The reason the cast leaves such an outsized impression likely has to do with Altman’s use of white space. Perhaps even more central to Carver’s work than all the drinking and cheating was the movie's stripped-down quality, which was achieved through the red pen of his editor, Gordon Lish. Carver was a master at creating tension through opacity, bringing narratives up to the edge of action and letting the reader fill in the gaps. In making Short Cuts, Altman used his fragmented form to achieve something similar. He cut from one story to the next right at that precipice, deliberately leaving out pivotal pieces of plot so the audience would be forced to imagine what they missed. “It seems to me if I can get everyone to do that—millions and millions of people making up stories of what happened in these gaps—it might be a whole new way of allowing the audience participation,” he said in a behind-the-scenes documentary about the making of the film.

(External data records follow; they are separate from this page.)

Lemma Lw_mul_ln_sub (v a b : R) : 0 < v < 1 -> 0 < a -> 0 < b -> a <> b ->
  Lw v a b * (ln a - ln b)
  = (1 - v) / v * (a - Gw v a b) + v / (1 - v) * (Gw v a b - b).
Proof.
intros Hv Ha Hb Hab. pose proof (ln_sub_neq0 a b Ha Hb Hab).
unfold Lw, Gw. destruct (Req_EM_T a b); [contradiction|].
destruct (Req_EM_T v 0); [lra|]. destruct (Req_EM_T v 1); [lra|].
field. lra.
Qed.

Lemma Lw_split (v a b : R) : 0 <= v <= 1 -> 0 < a -> 0 < b ->
  Lw v a b = (1 - v) * Lmean a (Gw v a b) + v * Lmean (Gw v a b) b.
Proof.
intros Hv Ha Hb.
destruct (Req_dec a b) as [<-|Hab].
{ unfold Lw. destruct (Req_EM_T a a); [|congruence].
  rewrite Gw_diag, Lmean_diag by exact Ha. ring. }
destruct (Req_dec v 0) as [->|Hv0].
{ rewrite Lw_0. unfold Gw. rewrite Rminus_0_r, Rpower_1, Rpower_O, Rmult_1_r, Lmean_diag
    by assumption. ring. }
destruct (Req_dec v 1) as [->|Hv1].
{ rewrite Lw_1. unfold Gw. rewrite Rminus_diag, Rpower_1, Rpower_O, Rmult_1_l, Lmean_diag
    by assumption. ring. }
pose proof (ln_sub_neq0 a b Ha Hb Hab) as Hd.
apply Rmult_eq_reg_r with (ln a - ln b); [|exact Hd].
rewrite Lw_mul_ln_sub by (lra || assumption).
pose proof (Lmean_mul_ln_sub a (Gw v a b) Ha (Gw_pos v a b)) as E1.
pose proof (Lmean_mul_ln_sub (Gw v a b) b (Gw_pos v a b) Hb) as E2.
rewrite ln_Gw in E1, E2. rewrite <- E1, <- E2. field. lra.
Qed.

Lemma Amean_Lw_le (v a b : R) : 0 <= v <= 1 -> 0 < a -> 0 < b ->
  Amean (Lw v a b) (Lw (1 - v) a b) <= Amean a b.
Proof.
intros Hv Ha Hb.
rewrite (Lw_split v), (Lw_split (1 - v)) by (lra || assumption).
pose proof (Gw_pos v a b). pose proof (Gw_pos (1 - v) a b).
pose proof (Lmean_le_Amean a (Gw v a b) Ha ltac:(lra)).
pose proof (Lmean_le_Amean (Gw v a b) b ltac:(lra) Hb).
pose proof (Lmean_le_Amean a (Gw (1 - v) a b) Ha ltac:(lra)).
pose proof (Lmean_le_Amean (Gw (1 - v) a b) b ltac:(lra) Hb).
pose proof (Gw_add_Gw_le v a b Hv Ha Hb).
unfold Amean in *. nra.
Qed.

Lemma Lmean_le_Amean_Lw_interior (v a b : R) : 0 < v < 1 -> 0 < a -> 0 < b -> a <> b ->
  Lmean a b <= Amean (Lw v a b) (Lw (1 - v) a b).
Proof.
intros Hv Ha Hb Hab.
set (d := ln a - ln b). pose proof (ln_sub_neq0 a b Ha Hb Hab) as Hd. fold d in Hd.
pose proof (Lw_mul_ln_sub v a b Hv Ha Hb Hab) as Ev.
pose proof (Lw_mul_ln_sub (1 - v) a b ltac:(lra) Ha Hb Hab) as E1v.
pose proof (Lmean_mul_ln_sub a b Ha Hb) as EL.
pose proof (Gw_skew_sign v a b ltac:(lra) Ha Hb) as Hskew.
fold d in Ev, E1v, EL, Hskew.
assert (Hid : d * d * (Amean (Lw v a b) (Lw (1 - v) a b) - Lmean a b)
   = (1 - 2 * v) * d * ((1 - 2 * v) * (a - b) - (Gw v a b - Gw (1 - v) a b))
     / (2 * v * (1 - v))).
{ replace (d * d * (Amean (Lw v a b) (Lw (1 - v) a b) - Lmean a b))
    with (d * ((Lw v a b * d + Lw (1 - v) a b * d) / 2 - Lmean a b * d))
    by (unfold Amean; field).
  rewrite Ev, E1v, EL. field. lra. }
assert (0 <= d * d * (Amean (Lw v a b) (Lw (1 - v) a b) - Lmean a b)).
{ rewrite Hid. apply Rdiv_le_0_compat; [exact Hskew | nra]. }
assert (0 < d * d) by nra.
nra.
Qed.

Lemma Lmean_le_Amean_Lw (v a b : R) : 0 <= v <= 1 -> 0 < a -> 0 < b ->
  Lmean a b <= Amean (Lw v a b) (Lw (1 - v) a b).
Proof.
intros Hv Ha Hb.
destruct (Req_dec a b) as [<-|Hab].
{ unfold Lw, Amean. destruct (Req_EM_T a a); [|congruence]. rewrite Lmean_diag. lra. }
destruct (Req_dec v 0) as [->|Hv0].
{ rewrite Rminus_0_r, Lw_0, Lw_1. now apply Lmean_le_Amean. }
destruct (Req_dec v 1) as [->|Hv1].
{ rewrite Rminus_diag, Lw_0, Lw_1. pose proof (Lmean_le_Amean a b Ha Hb).
  unfold Amean in *. lra. }
apply Lmean_le_Amean_Lw_interior; lra || assumption.
Qed.

Theorem theorem2p10 (v a b : R) :
  0 <= v <= 1 -> 0 < a -> 0 < b ->
  (Lmean a b <= Amean (Lw v a b) (Lw (1 - v) a b) <= Amean a b) /\
  (Lmean a b <= Lmean (Aw v a b) (Aw (1 - v) a b) <= Amean a b).
Proof.
intros Hv Ha Hb. split.
- split; [apply Lmean_le_Amean_Lw | apply Amean_Lw_le]; assumption.
- now apply Lmean_Aw_bounds.
Qed.
(* Let $\mathbf X$ be a random variable with values in $\mathcal X$ and density $p(\mathbf x)$, and let $\mathcal A$ be a finite set. For Q-functions $Q_0,Q_1:\mathcal X\times\mathcal A\to(0,\infty)$ and a real number $\gamma\notin\{0,-1\}$ define $$H_\gamma(Q_0,Q_1)=-\frac1\gamma\,\mathbb E\Bigg[\frac{\sum_{a\in\mathcal A}Q_0(\mathbf X,a)\,Q_1(\mathbf X,a)^{\gamma}}{\big\{\sum_{a\in\mathcal A}Q_1(\mathbf X,a)^{1+\gamma}\big\}^{\frac{\gamma}{1+\gamma}}}\Bigg],\qquad D_\gamma(Q_0,Q_1)=H_\gamma(Q_0,Q_1)-H_\gamma(Q_0,Q_0),$$ assuming all these expectations are finite. Then $D_\gamma(Q_0,Q_1)\ge 0$, with equality if and only if $Q_0\sim Q_1$.
   Context: A Q-function is a measurable function $Q:\mathcal X\times\mathcal A\to(0,\infty)$. Policy equivalence: $Q_0\sim Q_1$ means there exists a function $\eta:\mathcal X\to(0,\infty)$ such that $Q_1(\mathbf x,a)=\eta(\mathbf x)Q_0(\mathbf x,a)$ for all $a\in\mathcal A$ and (almost) every $\mathbf x\in\mathcal X$, where ''almost every'' is with respect to the distribution of $\mathbf X$. $\mathbb E$ is expectation with respect to $\mathbf X$. *)

From HB Require Import structures.
From mathcomp Require Import all_boot all_order all_algebra.
From mathcomp Require Import all_classical all_reals all_analysis.
Set Implicit Arguments. Unset Strict Implicit. Unset Printing Implicit Defensive.
Import Order.TTheory GRing.Theory Num.Theory.
Local Open Scope ring_scope.
Local Open Scope classical_set_scope.

Section Defs.
Context (d : measure_display) (T : measurableType d) (R : realType) (A : finType).

Definition is_Qfun (Q : T -> A -> R) : Prop :=
  (forall a, measurable_fun setT (fun x => Q x a)) /\ (forall x a, 0 < Q x a).

Definition Hint (g : R) (Q0 Q1 : T -> A -> R) (x : T) : R :=
  (\sum_(a : A) Q0 x a * Q1 x a `^ g) /
  (\sum_(a : A) Q1 x a `^ (1 + g)) `^ (g / (1 + g)).

Definition Hgamma (P : probability T R) (g : R) (Q0 Q1 : T -> A -> R) : R :=
  - g^-1 * Rintegral P setT (Hint g Q0 Q1).

Definition Dgamma (P : probability T R) (g : R) (Q0 Q1 : T -> A -> R) : R :=
  Hgamma P g Q0 Q1 - Hgamma P g Q0 Q0.

Definition policy_equiv (P : probability T R) (Q0 Q1 : T -> A -> R) : Prop :=
  exists eta : T -> R, (forall x, 0 < eta x) /\
    {ae P, forall x, forall a, Q1 x a = eta x * Q0 x a}.
End Defs.

(* Write p = 1 + g and h(q0, q1) for the integrand of H_g at a point x, and
   normalise q0 = Q0 x, q1 = Q1 x to unit p-norm: u = q0 / |q0|_p and
   v = q1 / |q1|_p.  Then h(q0, q0) = |q0|_p and
     (h(q0, q0) - h(q0, q1)) / g
       = |q0|_p * sum_a v_a^p phi_p(ln (u_a / v_a)) / (p (p - 1)),
   where phi_p(s) = e^(ps) - 1 - p (e^s - 1) is the remainder in Bernoulli's
   inequality: it has the sign of p (p - 1) and vanishes only at s = 0.  So the
   integrand of D_g is nonnegative and vanishes exactly where q1 is proportional
   to q0, and a nonnegative integrable function has integral zero iff it
   vanishes almost everywhere. *)

From HB Require Import structures.
From mathcomp Require Import all_boot all_order all_algebra.
From mathcomp Require Import all_classical all_reals all_analysis.
From mathcomp Require Import ring lra.
Set Implicit Arguments. Unset Strict Implicit. Unset Printing Implicit Defensive.
Import Order.TTheory GRing.Theory Num.Theory.
Local Open Scope ring_scope.
Local Open Scope classical_set_scope.

Section BernoulliRemainder.
Variable R : realType.
Implicit Types p s : R.

Definition bernoulli_rem p s := expR (p * s) - 1 - p * (expR s - 1).

Lemma bernoulli_rem0 p : bernoulli_rem p 0 = 0.
Proof. by rewrite /bernoulli_rem mulr0 expR0 !subrr mulr0 subr0. Qed.

Lemma bernoulli_rem_gt0_neg p s : p < 0 -> s != 0 -> 0 < bernoulli_rem p s.
Proof.
move=> p_lt0 s_neq0.
have tangent_ps := expR_gt1Dx (mulf_neq0 (ltr0_neq0 p_lt0) s_neq0).
have tangent_s := expR_ge1Dx s.
rewrite /bernoulli_rem; nra.
Qed.

(* The substitutions p |-> 1 - p and p |-> 1 / p permute the three regions
   p < 0, 0 < p < 1 and 1 < p; for p < 0 the tangent-line bound e^t >= 1 + t
   already gives the sign. *)
Lemma bernoulli_rem_reflect p s :
  bernoulli_rem p s = expR s * bernoulli_rem (1 - p) (- s).
Proof.
rewrite /bernoulli_rem (_ : (1 - p) * - s = p * s - s); last by ring.
rewrite expRB expRN; field; by rewrite expR_eq0.
Qed.

Lemma bernoulli_rem_invert p s : p != 0 ->
  bernoulli_rem p s = - p * bernoulli_rem p^-1 (p * s).
Proof. by move=> p_neq0; rewrite /bernoulli_rem mulKf //; field. Qed.

Lemma bernoulli_rem_gt0 p s : (p < 0) || (1 < p) -> s != 0 ->
  0 < bernoulli_rem p s.
Proof.
case/orP=> [p_lt0 | p_gt1] s_neq0; first exact: bernoulli_rem_gt0_neg.
rewrite bernoulli_rem_reflect mulr_gt0 ?expR_gt0 //.
by apply: bernoulli_rem_gt0_neg; rewrite ?oppr_eq0 // subr_lt0.
Qed.

Lemma bernoulli_rem_lt0 p s : 0 < p < 1 -> s != 0 -> bernoulli_rem p s < 0.
Proof.
case/andP=> p_gt0 p_lt1 s_neq0.
rewrite (bernoulli_rem_invert s (lt0r_neq0 p_gt0)) mulNr oppr_lt0.
rewrite mulr_gt0 // bernoulli_rem_gt0 ?mulf_neq0 ?(lt0r_neq0 p_gt0) //.
by rewrite invf_gt1 // p_lt1 orbT.
Qed.

Lemma bernoulli_rem_div_gt0 p s : p != 0 -> p != 1 -> s != 0 ->
  0 < bernoulli_rem p s / (p * (p - 1)).
Proof.
move=> p_neq0 p_neq1 s_neq0.
have [p_lt0 | p_gt0 | p_eq0] := ltgtP p 0; last by rewrite p_eq0 eqxx in p_neq0.
  by rewrite divr_gt0 ?bernoulli_rem_gt0 ?p_lt0 //; nra.
have [p_lt1 | p_gt1 | p_eq1] := ltgtP p 1; last by rewrite p_eq1 eqxx in p_neq1.
  by rewrite ltr_ndivlMr ?mul0r ?bernoulli_rem_lt0 ?p_gt0 ?p_lt1 //; nra.
by rewrite divr_gt0 ?bernoulli_rem_gt0 ?p_gt1 ?orbT //; nra.
Qed.

End BernoulliRemainder.

Section LogSumExp.
Variables (R : realType) (A : finType) (p : R).
Implicit Types (x : A -> R) (c : R).

Definition lse x := ln (\sum_a expR (p * x a)) / p.

Definition lognormalize x a := x a - lse x.

Definition softmax x a := expR (p * lognormalize x a).

Hypothesis p_neq0 : p != 0.
Variable a0 : A.

Lemma sum_expR_gt0 x : 0 < \sum_a expR (x a).
Proof.
rewrite (bigD1 a0) //= ltr_pwDl ?expR_gt0 //.
by apply: sumr_ge0 => a _; exact: expR_ge0.
Qed.

Lemma expR_lse x : expR (p * lse x) = \sum_a expR (p * x a).
Proof. by rewrite /lse mulrC divfK // lnK // posrE sum_expR_gt0. Qed.

Lemma lse_shift c x : lse (fun a => c + x a) = c + lse x.
Proof.
rewrite /lse; under eq_bigr do rewrite mulrDr expRD.
by rewrite -mulr_sumr lnM ?posrE ?expR_gt0 ?sum_expR_gt0 // expRK; field.
Qed.

Lemma sum_softmax x : \sum_a softmax x a = 1.
Proof.
under eq_bigr do rewrite /softmax /lognormalize mulrBr expRB.
by rewrite -mulr_suml -expR_lse divff // expR_eq0.
Qed.

End LogSumExp.

Lemma expR_bernoulli_rem (R : realType) (g u v : R) :
  expR ((1 + g) * v) * bernoulli_rem (1 + g) (u - v) =
  expR ((1 + g) * u) - expR ((1 + g) * v) -
  (1 + g) * (expR (u + g * v) - expR ((1 + g) * v)).
Proof.
have e1 : (1 + g) * u = (1 + g) * v + (1 + g) * (u - v) by ring.
have e2 : u + g * v = (1 + g) * v + (u - v) by ring.
by rewrite /bernoulli_rem e1 e2 !expRD; ring.
Qed.

Section LogHolder.
Variables (R : realType) (A : finType) (g : R).
Implicit Types (x y : A -> R) (c : R).

Definition lhint x y := \sum_a expR (x a + g * lognormalize (1 + g) y a).

Hypothesis g1_neq0 : 1 + g != 0.
Variable a0 : A.

Lemma lhint_diag x : lhint x x = expR (lse (1 + g) x).
Proof.
have split_exp a : x a + g * lognormalize (1 + g) x a =
    lse (1 + g) x + (1 + g) * lognormalize (1 + g) x a.
  by rewrite /lognormalize; ring.
rewrite /lhint; under eq_bigr do rewrite split_exp expRD.
by rewrite -mulr_sumr sum_softmax // mulr1.
Qed.

Lemma lhint_shift c x y : lhint x (fun a => c + y a) = lhint x y.
Proof.
rewrite /lhint /lognormalize lse_shift //; apply: eq_bigr => a _.
by congr expR; ring.
Qed.

Lemma lhint_gap x y : g != 0 ->
  g^-1 * (lhint x x - lhint x y) = expR (lse (1 + g) x) *
    \sum_a softmax (1 + g) y a * (bernoulli_rem (1 + g)
      (lognormalize (1 + g) x a - lognormalize (1 + g) y a) / ((1 + g) * g)).
Proof.
move=> g_neq0.
have lhint_xy : lhint x y = expR (lse (1 + g) x) *
    \sum_a expR (lognormalize (1 + g) x a + g * lognormalize (1 + g) y a).
  rewrite /lhint mulr_sumr; apply: eq_bigr => a _.
  by rewrite -expRD /lognormalize; congr expR; ring.
under eq_bigr do rewrite mulrA expR_bernoulli_rem.
rewrite -mulr_suml !sumrB -mulr_sumr sumrB lhint_diag lhint_xy.
rewrite [X in X - _ - _](sum_softmax g1_neq0 a0 x) (sum_softmax g1_neq0 a0 y).
by field; rewrite g_neq0 g1_neq0.
Qed.

Hypothesis g_neq0 : g != 0.

Lemma bernoulli_rem1D_div_gt0 s : s != 0 ->
  0 < bernoulli_rem (1 + g) s / ((1 + g) * g).
Proof.
move=> s_neq0; have g_eq : 1 + g - 1 = g by rewrite addrC addKr.
have g_neq1 : 1 + g != 1 by rewrite -subr_eq0 g_eq.
by move: (bernoulli_rem_div_gt0 g1_neq0 g_neq1 s_neq0); rewrite g_eq.
Qed.

Lemma bernoulli_rem1D_div_ge0 s : 0 <= bernoulli_rem (1 + g) s / ((1 + g) * g).
Proof.
have [-> | s_neq0] := eqVneq s 0; first by rewrite bernoulli_rem0 mul0r.
exact/ltW/bernoulli_rem1D_div_gt0.
Qed.

Lemma lhint_gap_ge0 x y : 0 <= g^-1 * (lhint x x - lhint x y).
Proof.
rewrite lhint_gap // mulr_ge0 ?expR_ge0 // sumr_ge0 // => a _.
exact: mulr_ge0 (expR_ge0 _) (bernoulli_rem1D_div_ge0 _).
Qed.

Lemma lhint_eq_shift x y : lhint x y = lhint x x ->
  forall a, y a = lse (1 + g) y - lse (1 + g) x + x a.
Proof.
move=> eq_xy a; have := lhint_gap x y g_neq0; rewrite eq_xy subrr mulr0.
move=> /esym/eqP; rewrite mulf_eq0 expR_eq0 /= => /eqP/psumr_eq0P term0.
have /(_ a isT)/eqP :=
  term0 (fun a _ => mulr_ge0 (expR_ge0 _) (bernoulli_rem1D_div_ge0 _)).
rewrite mulf_eq0 expR_eq0 /= => /eqP; apply: contra_eq => y_neq.
apply/lt0r_neq0/bernoulli_rem1D_div_gt0; rewrite subr_eq0.
apply: contra y_neq => /eqP; rewrite /lognormalize => e.
by rewrite addrAC -addrA e addrC subrK.
Qed.

End LogHolder.

Section Hint.
Variables (R : realType) (A : finType) (g : R).

Definition hint (q0 q1 : A -> R) :=
  (\sum_a q0 a * q1 a `^ g) / (\sum_a q1 a `^ (1 + g)) `^ (g / (1 + g)).

Hypotheses (g_neq0 : g != 0) (g1_neq0 : 1 + g != 0).

Lemma hint_empty (q0 q1 : A -> R) : (@predT A) =1 xpred0 -> hint q0 q1 = 0.
Proof. by move=> A0; rewrite /hint big_pred0 // mul0r. Qed.

Lemma hint_lhint (a0 : A) (q0 q1 : A -> R) :
  (forall a, 0 < q0 a) -> (forall a, 0 < q1 a) ->
  hint q0 q1 = lhint g (fun a => ln (q0 a)) (fun a => ln (q1 a)).
Proof.
move=> q0_gt0 q1_gt0.
have powR_ln y t : 0 < y -> y `^ t = expR (t * ln y).
  by move=> y_gt0; rewrite /powR gt_eqF.
rewrite /hint [X in _ / X `^ _](eq_bigr (fun a => expR ((1 + g) * ln (q1 a)))).
  2: by move=> a _; exact: powR_ln.
rewrite /lhint /lognormalize /lse powR_ln ?sum_expR_gt0 // mulr_suml.
apply: eq_bigr => a _ /=; rewrite powR_ln // -{1}[q0 a]lnK ?posrE //.
by rewrite -expRD -expRB; congr expR; ring.
Qed.

Lemma hint_gap_ge0 (q0 q1 : A -> R) :
  (forall a, 0 < q0 a) -> (forall a, 0 < q1 a) ->
  0 <= g^-1 * (hint q0 q0 - hint q0 q1).
Proof.
move=> q0_gt0 q1_gt0; have [a0 _ | A0] := pickP (@predT A).
  rewrite (hint_lhint a0 q0_gt0 q1_gt0) (hint_lhint a0 q0_gt0 q0_gt0).
  exact: lhint_gap_ge0.
by rewrite !hint_empty // subrr mulr0.
Qed.

Lemma hint_eq_scale (q0 q1 : A -> R) :
  (forall a, 0 < q0 a) -> (forall a, 0 < q1 a) -> hint q0 q1 = hint q0 q0 ->
  forall a, q1 a = expR (lse (1 + g) (fun a => ln (q1 a)) -
                         lse (1 + g) (fun a => ln (q0 a))) * q0 a.
Proof.
move=> q0_gt0 q1_gt0 + a.
rewrite (hint_lhint a q0_gt0 q1_gt0) (hint_lhint a q0_gt0 q0_gt0).
move=> /(lhint_eq_shift g1_neq0 a g_neq0) shift.
by rewrite -[q1 a]lnK ?posrE // shift expRD lnK ?posrE.
Qed.

Lemma hint_scale (q0 q1 : A -> R) (e : R) : (forall a, 0 < q0 a) -> 0 < e ->
  (forall a, q1 a = e * q0 a) -> hint q0 q1 = hint q0 q0.
Proof.
move=> q0_gt0 e_gt0 q1E; have [a0 _ | A0] := pickP (@predT A); last first.
  by rewrite !hint_empty.
have q1_gt0 a : 0 < q1 a by rewrite q1E mulr_gt0.
rewrite (hint_lhint a0 q0_gt0 q1_gt0) (hint_lhint a0 q0_gt0 q0_gt0).
have -> : (fun a => ln (q1 a)) = (fun a => ln e + ln (q0 a)).
  by apply/funext => a; rewrite q1E lnM ?posrE.
exact: lhint_shift.
Qed.

End Hint.

Lemma ge0_Rintegral_eq0 (d : measure_display) (T : measurableType d) (R : realType)
    (mu : {measure set T -> \bar R}) (D : set T) (f : T -> R) :
  measurable D -> mu.-integrable D (EFin \o f) -> (forall x, D x -> 0 <= f x) ->
  \int[mu]_(x in D) f x = 0 <-> {ae mu, forall x, D x -> f x = 0}.
Proof.
move=> mD intf f_ge0.
have int_abs : (\int[mu]_(x in D) `|(f x)%:E| = \int[mu]_(x in D) (f x)%:E)%E.
  by apply: eq_integral => x /set_mem Dx; rewrite gee0_abs ?lee_fin ?f_ge0.
transitivity (\int[mu]_(x in D) `|(f x)%:E| = 0)%E.
  rewrite int_abs -[X in _ <-> X = _](fineK (integrable_fin_num mD intf)).
  by rewrite /Rintegral; split => [-> | []].
rewrite ae_eq_integral_abs //; last exact: measurable_int intf.
split; apply: filterS => x + Dx => /(_ Dx); first by case.
by move=> /= ->.
Qed.

Lemma Dgamma_Rintegral (d : measure_display) (T : measurableType d) (R : realType)
    (A : finType) (P : probability T R) (g : R) (Q0 Q1 : T -> A -> R) :
  P.-integrable setT (EFin \o Hint g Q0 Q1) ->
  P.-integrable setT (EFin \o Hint g Q0 Q0) ->
  Dgamma P g Q0 Q1 =
    Rintegral P setT (fun x => g^-1 * (hint g (Q0 x) (Q0 x) - hint g (Q0 x) (Q1 x))).
Proof.
move=> int01 int00.
have int_diff : P.-integrable setT
    (EFin \o (fun x => hint g (Q0 x) (Q0 x) - hint g (Q0 x) (Q1 x))).
  exact: (eq_integrable measurableT _ _ _ (integrableB measurableT int00 int01)).
have -> : Rintegral P setT
    (fun x => g^-1 * (hint g (Q0 x) (Q0 x) - hint g (Q0 x) (Q1 x))) =
    g^-1 * (Rintegral P setT (Hint g Q0 Q0) - Rintegral P setT (Hint g Q0 Q1)).
  by rewrite (RintegralZl _ measurableT int_diff) (RintegralB measurableT int00 int01).
rewrite /Dgamma /Hgamma.
generalize (Rintegral P setT (Hint g Q0 Q0)) (Rintegral P setT (Hint g Q0 Q1)).
by move=> I00 I01; ring.
Qed.

Theorem theorem1 (d : measure_display) (T : measurableType d) (R : realType)
  (A : finType) (mu : {sigma_finite_measure set T -> \bar R})
  (P : probability T R) (HPmu : P `<< mu)
  (g : R) (Q0 Q1 : T -> A -> R)
  (hg0 : g != 0) (hg1 : g != -1)
  (hQ0 : is_Qfun Q0) (hQ1 : is_Qfun Q1)
  (hint01 : P.-integrable setT (EFin \o Hint g Q0 Q1))
  (hint00 : P.-integrable setT (EFin \o Hint g Q0 Q0)) :
  0 <= Dgamma P g Q0 Q1 /\ (Dgamma P g Q0 Q1 = 0 <-> policy_equiv P Q0 Q1).
Proof.
have g1_neq0 : 1 + g != 0 by rewrite addrC addr_eq0.
case: hQ0 hQ1 => [_ Q0_gt0] [_ Q1_gt0].
have gap_ge0 x := hint_gap_ge0 hg0 g1_neq0 (Q0_gt0 x) (Q1_gt0 x).
have int_gap : P.-integrable setT
    (EFin \o (fun x => g^-1 * (hint g (Q0 x) (Q0 x) - hint g (Q0 x) (Q1 x)))).
  apply: (eq_integrable measurableT _ _ _
    (integrableZl measurableT g^-1 (integrableB measurableT hint00 hint01))).
  by move=> x _; rewrite /= -EFinB -EFinM.
rewrite Dgamma_Rintegral //; split; first exact: Rintegral_ge0.
rewrite (ge0_Rintegral_eq0 measurableT int_gap (fun x _ => gap_ge0 x)); split.
- (* eta x is the ratio of the (1 + g)-norms of Q1 x and Q0 x. *)
  move=> gap0; exists (fun x => expR (lse (1 + g) (fun a => ln (Q1 x a)) -
                                      lse (1 + g) (fun a => ln (Q0 x a)))).
  split=> [x | ]; first exact: expR_gt0.
  apply: filterS gap0 => x /(_ I) /eqP.
  rewrite mulf_eq0 invr_eq0 (negbTE hg0) subr_eq0 => /eqP/esym.
  exact: hint_eq_scale.
- case=> eta [eta_gt0]; apply: filterS => x Q1E _.
  by rewrite (hint_scale g1_neq0 (Q0_gt0 x) (eta_gt0 x) Q1E) subrr mulr0.
Qed.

Despite being a critical darling, Short Cuts didn’t exactly usher in a revolution of Hollywood trusting viewers’ imaginations. (Its meager box office performance probably didn’t help.) But it did influence countless films and filmmakers, with Paul Thomas Anderson being its most prominent borrower. Rewatching the film now, it’s hard not to be struck by how many of Anderson’s movies have lifted liberally from this single picture—Jennifer Jason Leigh’s phone sex work showing up in Punch Drunk Love, Julianne Moore going from bottomless in Short Cuts to a full-on porn star in Boogie Nights, and Magnolia following the film’s structure almost to a T. Altman could rest assured that at least one audience member was fully participating.

short cuts
It’s possible that beneath all the layers of Altman and Carver’s artistic stylings, your life bears more resemblance to these characters’ than you’d care to admit.New Line Cinema

The director could also rest assured that—though Short Cuts offered a lot of meat on its bones for other filmmakers to pick at—taken in its totality, it was entirely inimitable. Short Cuts is a special confluence of this filmmaker working off these texts, all taking place in this setting, during this time period. Those last two factors—the film’s Los Angeles setting and early '90s environs—shouldn’t be overlooked. Despite being a film full of constructed sets, Short Cuts paints a specific portrait of the outer edges of Los Angeles’s sprawl, at a time before smartphones and social apps smoothed out the city’s texture. It’s a world of pools and pool cleaners, greasy spoons and lecherous patrons, limousines and dipso drivers. (Side note: in a movie full of perfect castings, Tom Waits's inclusion may take the cake). With the exception of the film’s overbearing whiteness, Short Cuts is the sort of movie whose datedness mostly works in its favor. It doesn't produce nostalgia, exactly, but a more complicated cousin to it. You wouldn’t want to live in this world, but hell, you’d gladly spend hours observing it.

Of course, it’s possible that beneath all the layers of Altman and Carver’s artistic stylings, your life bears more resemblance to these characters’ misadventures than you’d care to admit. After all, heavy boozing, infidelity, bruised egos, sudden tragedy, clowns—these things are still realities of American life. You just don’t usually see the whole big, messy kaleidoscope move before your eyes. When you do, it’s hard to know what to make of it. But more and more, the ambivalence coursing through Short Cuts is what I find special, timeless, and profound even about it. One second, things look hopelessly dark—and the next, you’re laughing. What a film. What a world.